The ethical onus, therefore, must lie on researchers. In many respects, we treat websites as akin to publications. Given the public-facing nature of the medium, this is not unreasonable. Strictly speaking, it is legal to quote from websites and blogs, as well as from social-media streams like tweets. Legal, of course, is not a synonym for ethical, as a host of commentators, academics, and activists have noted. Contemporary research into online behavior, such as Danah Boyd’s study of online teens, reveals complicated attitudes toward privacy, social norms, and etiquette. As one student explained to Boyd, “I wouldn’t go to my teacher’s page and look at their stuff, so why should they go on mine to look at my stuff?”
Oral historians, who have long operated outside of formal archives and instead in the living rooms and workplaces of their subjects, may offer a useful model for scholars using web archives. Recognizing the implications of working with living people, we subject oral historians to considerable professional and institutional oversight. In Canada, where I work, they must complete an online course and quiz on the treatment of human subjects, and all oral-history projects must be proposed and overseen by an institutional review board. American scholars take similar precautions.

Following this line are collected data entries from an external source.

Lemma above_branch_backward lam a c u q v tau : lam < 0 -> 0 < a -> u <> 0 ->
  0 <= u * (u - q) -> tau <= 0 -> branch lam a c u (fst v) < snd v ->
  branch lam a c u (fst (phi lam a c tau v q)) < snd (phi lam a c tau v q).
Proof.
  intros Hlam Ha Hu Hq Htau Hv.
  set (m r := exp (- lam * r) *
    (snd (phi lam a c r v q) - branch lam a c u (fst (phi lam a c r v q)))).
  assert (Hm : m 0 <= m tau).
  { apply (nonincreasing_of_deriv_nonpos m _ tau 0
      (fun r => branch_gap_deriv lam a c u q v r ltac:(lra) ltac:(lra) Hu)); [|exact Htau].
    intro r; cbv zeta.
    set (y := lam * (fst (phi lam a c r v q) + c / a) / u).
    pose proof (exp_ineq1_le y); pose proof (exp_pos (- lam * r)).
    assert (a * u * (u - q) / lam <= 0).
    { replace (a * u * (u - q) / lam) with (- (a * (u * (u - q)) / - lam)) by (field; lra).
      assert (0 <= a * (u * (u - q)) / - lam) by (apply Rdiv_le_0_compat; nra). lra. }
    assert (0 <= exp (- lam * r) * (exp y - y - 1)) by nra.
    nra. }
  unfold m in Hm; rewrite phi_init, Rmult_0_r, exp_0, Rmult_1_l in Hm.
  pose proof (exp_pos (- lam * tau)); nra.
Qed.

(** * Controllability *)

Lemma reachable_trans lam a c wm wp u v w :
  reachable lam a c wm wp u v -> reachable lam a c wm wp v w -> reachable lam a c wm wp u w.
Proof.
  intros [c1 [A1 R1]] [c2 [A2 R2]]; exists (c1 ++ c2); split.
  - apply Forall_app; auto.
  - unfold run in *; rewrite fold_left_app, R1; exact R2.
Qed.

Lemma reachable_phi lam a c wm wp tau v q : 0 <= tau -> wm <= q <= wp ->
  reachable lam a c wm wp v (phi lam a c tau v q).
Proof.
  intros Htau Hq; exists ((tau, q) :: nil); split; [|reflexivity].
  constructor; [simpl; lra | constructor].
Qed.

Section Controllability.

Variables (lam a c wm wp u1 u2 : R).
Hypotheses (lam_neg : lam < 0) (a_pos : 0 < a)
  (u1_in : wm <= u1 <= wp) (u2_in : wm <= u2 <= wp) (u1u2_neg : u1 * u2 < 0).

Notation X := (F lam a c u1).
Notation Y := (F lam a c u2).
Notation reach := (reachable lam a c wm wp).

Let k1 := - lam * a * u1 * (u1 - u2).
Let k2 := - lam * a * u2 * (u2 - u1).

Let lam_neq0 : lam <> 0. Proof. lra. Qed.
Let a_neq0 : a <> 0. Proof. lra. Qed.

Let k1_pos : 0 < k1.
Proof.
  unfold k1; replace (- lam * a * u1 * (u1 - u2)) with (- lam * a * (u1 * (u1 - u2))) by ring.
  assert (0 < u1 * (u1 - u2)) by nra; assert (0 < - lam * a) by nra; nra.
Qed.

Let k2_pos : 0 < k2.
Proof.
  unfold k2; replace (- lam * a * u2 * (u2 - u1)) with (- lam * a * (u2 * (u2 - u1))) by ring.
  assert (0 < u2 * (u2 - u1)) by nra; assert (0 < - lam * a) by nra; nra.
Qed.
(* Let $c>0$ and $0<q_1<q_2\le 1$, and set $$\rho_1=\frac{\sin\frac{q_1\pi}{2}}{\sin\frac{(q_2-q_1)\pi}{2}},\qquad \rho_2=\frac{\sin\frac{q_2\pi}{2}}{\sin\frac{(q_2-q_1)\pi}{2}}.$$ Then $\rho_1>0$ and $\rho_2>1$. Consider the smooth parametric curve $\Gamma_{c,q_1,q_2}$ in the $(b,a)$-plane given by $$b(\omega)=\rho_1\omega^{q_2}-c\rho_2\omega^{-q_1},\qquad a(\omega)=c\rho_1\omega^{-q_2}-\rho_2\omega^{q_1},\qquad \omega>0.$$ Then $\Gamma_{c,q_1,q_2}$ is the graph of a smooth, decreasing, convex bijective function $a^\star=a^\star_{c,q_1,q_2}:\mathbb{R}\to\mathbb{R}$ (i.e. $a=a^\star(b)$), which satisfies $$a^\star(b)\le (-b)^{q_2/q_1}\,c^{\,1-q_2/q_1}\ \text{ if } b<0,\qquad a^\star(b)\le -b^{q_1/q_2}\ \text{ if } b\ge 0.$$ *)

From Stdlib Require Import Reals.
From Coquelicot Require Import Coquelicot.
Open Scope R_scope.

Definition rho1 (q1 q2 : R) : R := sin (q1 * PI / 2) / sin ((q2 - q1) * PI / 2).
Definition rho2 (q1 q2 : R) : R := sin (q2 * PI / 2) / sin ((q2 - q1) * PI / 2).

Definition b_curve (c q1 q2 w : R) : R :=
  rho1 q1 q2 * Rpower w q2 - c * rho2 q1 q2 * Rpower w (- q1).
Definition a_curve (c q1 q2 w : R) : R :=
  c * rho1 q1 q2 * Rpower w (- q2) - rho2 q1 q2 * Rpower w q1.

Definition smooth (f : R -> R) : Prop := forall (n : nat) (x : R), ex_derive_n f n x.

Definition strictly_decreasing (f : R -> R) : Prop := forall x y, x < y -> f y < f x.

The precise role IRBs should play in overseeing oral-history projects is sometimes debated, but there is general agreement that external regulation is valuable.

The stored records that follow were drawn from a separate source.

Lemma avoiding_chain c0 (G : nat -> cset) :
  valid c0 -> (forall k, tau_nowhere_dense nb C P (G k)) ->
  exists cs : nat -> cond, cs 0 = c0 /\ forall k,
    valid (cs k) /\ extends (cs k) (cs (S k)) /\ level (cs k) < level (cs (S k)) /\
    forall w, crealizes (cs (S k)) w -> ~ G k (w 0) /\ ~ G k (w (nA (cs (S k)))).
Proof.
  intros hv0 hG.
  destruct (functional_choice (fun (kc : nat * cond) c' => valid (snd kc) ->
              valid c' /\ extends (snd kc) c' /\ level (snd kc) < level c' /\
              forall w, crealizes c' w -> ~ G (fst kc) (w 0) /\ ~ G (fst kc) (w (nA c'))))
    as [next hnext].
  { intros [k c]. destruct (classic (valid c)) as [hv | hv].
    - destruct (step_avoiding c (G k) hv (hG k)) as [c' hc']. exists c'. auto.
    - exists c. simpl. tauto. }
  set (cs := fix cs k := match k with 0 => c0 | S k' => next (k', cs k') end).
  assert (hvalid : forall k, valid (cs k)).
  { induction k as [|k IH]; [exact hv0 | exact (proj1 (hnext (k, cs k) IH))]. }
  exists cs. split; [reflexivity|]. intro k. split; [apply hvalid|].
  exact (proj2 (hnext (k, cs k) (hvalid k))).
Qed.

Lemma ext_index_comp c1 c2 c3 j : extends c1 c2 ->
  ext_index c2 c3 (ext_index c1 c2 j) = ext_index c1 c3 j.
Proof.
  intros [_ [hA _]]. unfold ext_index.
  destruct (Nat.ltb_spec j (nA c1)).
  - destruct (Nat.ltb_spec j (nA c2)); [reflexivity | lia].
  - destruct (Nat.ltb_spec (j - nA c1 + nA c2) (nA c2)); [lia|]. f_equal. lia.
Qed.

Lemma ext_index_self c j : ext_index c c j = j.
Proof. unfold ext_index. destruct (Nat.ltb_spec j (nA c)); lia. Qed.

Section Fusion.
Variable cs : nat -> cond.
Hypothesis cs_valid : forall k, valid (cs k).
Hypothesis cs_extends : forall k, extends (cs k) (cs (S k)).
Hypothesis cs_level : forall k, k <= level (cs k).

Lemma extends_chain k K : k <= K -> extends (cs k) (cs K).
Proof.
  induction K as [|K IH]; intros hkK.
  - replace k with 0 by lia. apply extends_refl.
  - destruct (Nat.eq_dec k (S K)) as [-> | hne]; [apply extends_refl|].
    apply (extends_trans _ (cs K)); [apply IH; lia | apply cs_extends].
Qed.

Lemma lt_nb_level t K : t < K -> t < nb (level (cs K)).
Proof. intros htK. pose proof (cs_level K). pose proof (le_nb (level (cs K))). lia. Qed.

(* Coordinate [t] of the limit is read at stage [k + t + 1], after which it no longer changes. *)
Definition fusion k j t := cdata (cs (k + t + 1)) (ext_index (cs k) (cs (k + t + 1)) j) t.

Lemma fusion_agree k K j : k <= K -> j < csize (cs k) ->
  agree (nb (level (cs K))) (fusion k j) (cdata (cs K) (ext_index (cs k) (cs K) j)).
Proof.
  intros hkK hj t ht. unfold fusion. set (K' := k + t + 1).
  destruct (le_lt_dec K K') as [hle | hlt].
  - pose proof (extends_chain K K' hle) as hext.
    rewrite <- (ext_index_comp (cs k) (cs K) (cs K')) by (apply extends_chain; auto).
    apply (extends_data _ _ _ hext); [|exact ht].
    apply ext_index_lt; auto. apply extends_chain; auto.
  - pose proof (extends_chain K' K ltac:(lia)) as hext. symmetry.
    rewrite <- (ext_index_comp (cs k) (cs K') (cs K)) by (apply extends_chain; unfold K'; lia).
    apply (extends_data _ _ _ hext).
    + apply ext_index_lt; auto. apply extends_chain. unfold K'. lia.
    + apply lt_nb_level. unfold K'. lia.
Qed.

Lemma fusion_realizes k : crealizes (cs k) (fusion k).
Proof.
  split; [|split].
  - intros j hj i. set (K := k + i + 1).
    assert (hkK : k <= K) by (unfold K; lia).
    pose proof (cs_valid K) as [[_ [_ [_ [hacc _]]]] _].
    apply (memC_agree i (nb (level (cs K))) (cdata (cs K) (ext_index (cs k) (cs K) j))).
    + apply nb_le_mono. pose proof (cs_level K). unfold K in *. lia.
    + apply agree_sym, fusion_agree; auto.
    + apply hacc; [apply ext_index_lt; auto; apply extends_chain; auto|].
      pose proof (cs_level K). unfold K in *. lia.
  - intros j hj. pose proof (fusion_agree k k j (le_n k) hj) as h.
    now rewrite ext_index_self in h.
  - intros j hj. set (K := k + j).
    assert (hkK : k <= K) by (unfold K; lia).
    pose proof (cs_valid k) as hvk. pose proof hvk as [hsk [tA [tB [ha hb]]]].
    pose proof hsk as [_ [_ [hle _]]].
    pose proof (nb_le_mono (level (cs k)) j ltac:(lia)).
    pose proof (nb_le_mono j (level (cs K)) ltac:(pose proof (cs_level K); unfold K in *; lia)).
    apply (inS_lower_level _ _ _ (level (cs K)));
      [| pose proof (cs_level K); unfold K in *; lia | lia].
    apply (inS_transport _ _ _ _ _ _ (fun j => j) _
             (extends_inS (cs k) (cs K) hvk (cs_valid K) (extends_chain k K hkK))); auto.
    + apply cond_tree; auto.
    + unfold csize. lia.
    + lia.
    + intros k' l m' he. auto.
    + intros j' hj'. apply fusion_agree; auto.
Qed.

Lemma fusion_index k K j : k <= K -> j < csize (cs k) ->
  fusion K (ext_index (cs k) (cs K) j) = fusion k j.
Proof.
  intros hkK hj. apply functional_extensionality. intro t.
  unfold fusion at 1. rewrite ext_index_comp by (apply extends_chain; auto).
  symmetry. apply fusion_agree; [lia | exact hj | apply lt_nb_level; lia].
Qed.
End Fusion.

Potential considerations for working in the web age of historiography include scale (the larger the number of websites, the less fraught it might be when we quote from individual pages) or expectations of privacy (a famous site with thousands of visitors has a different expectation of privacy than a private, personal home page tucked away in a corner of the web).
Ultimately, web archives offer power: the power to reconstruct online lives, to peer into the minds and thoughts of millions of people from 20 years ago, and to move toward a potentially more democratic form of history. We need to think about the role of algorithms, to reach out to our librarian and archivist colleagues, and to begin a broader conversation about the implications. Without taking these steps, we will not be able to write honest histories of the 1990s or beyond.
Ian Milligan is an assistant professor of Canadian and digital history at the University of Waterloo and a 2016-17 fellow at the University of Toronto.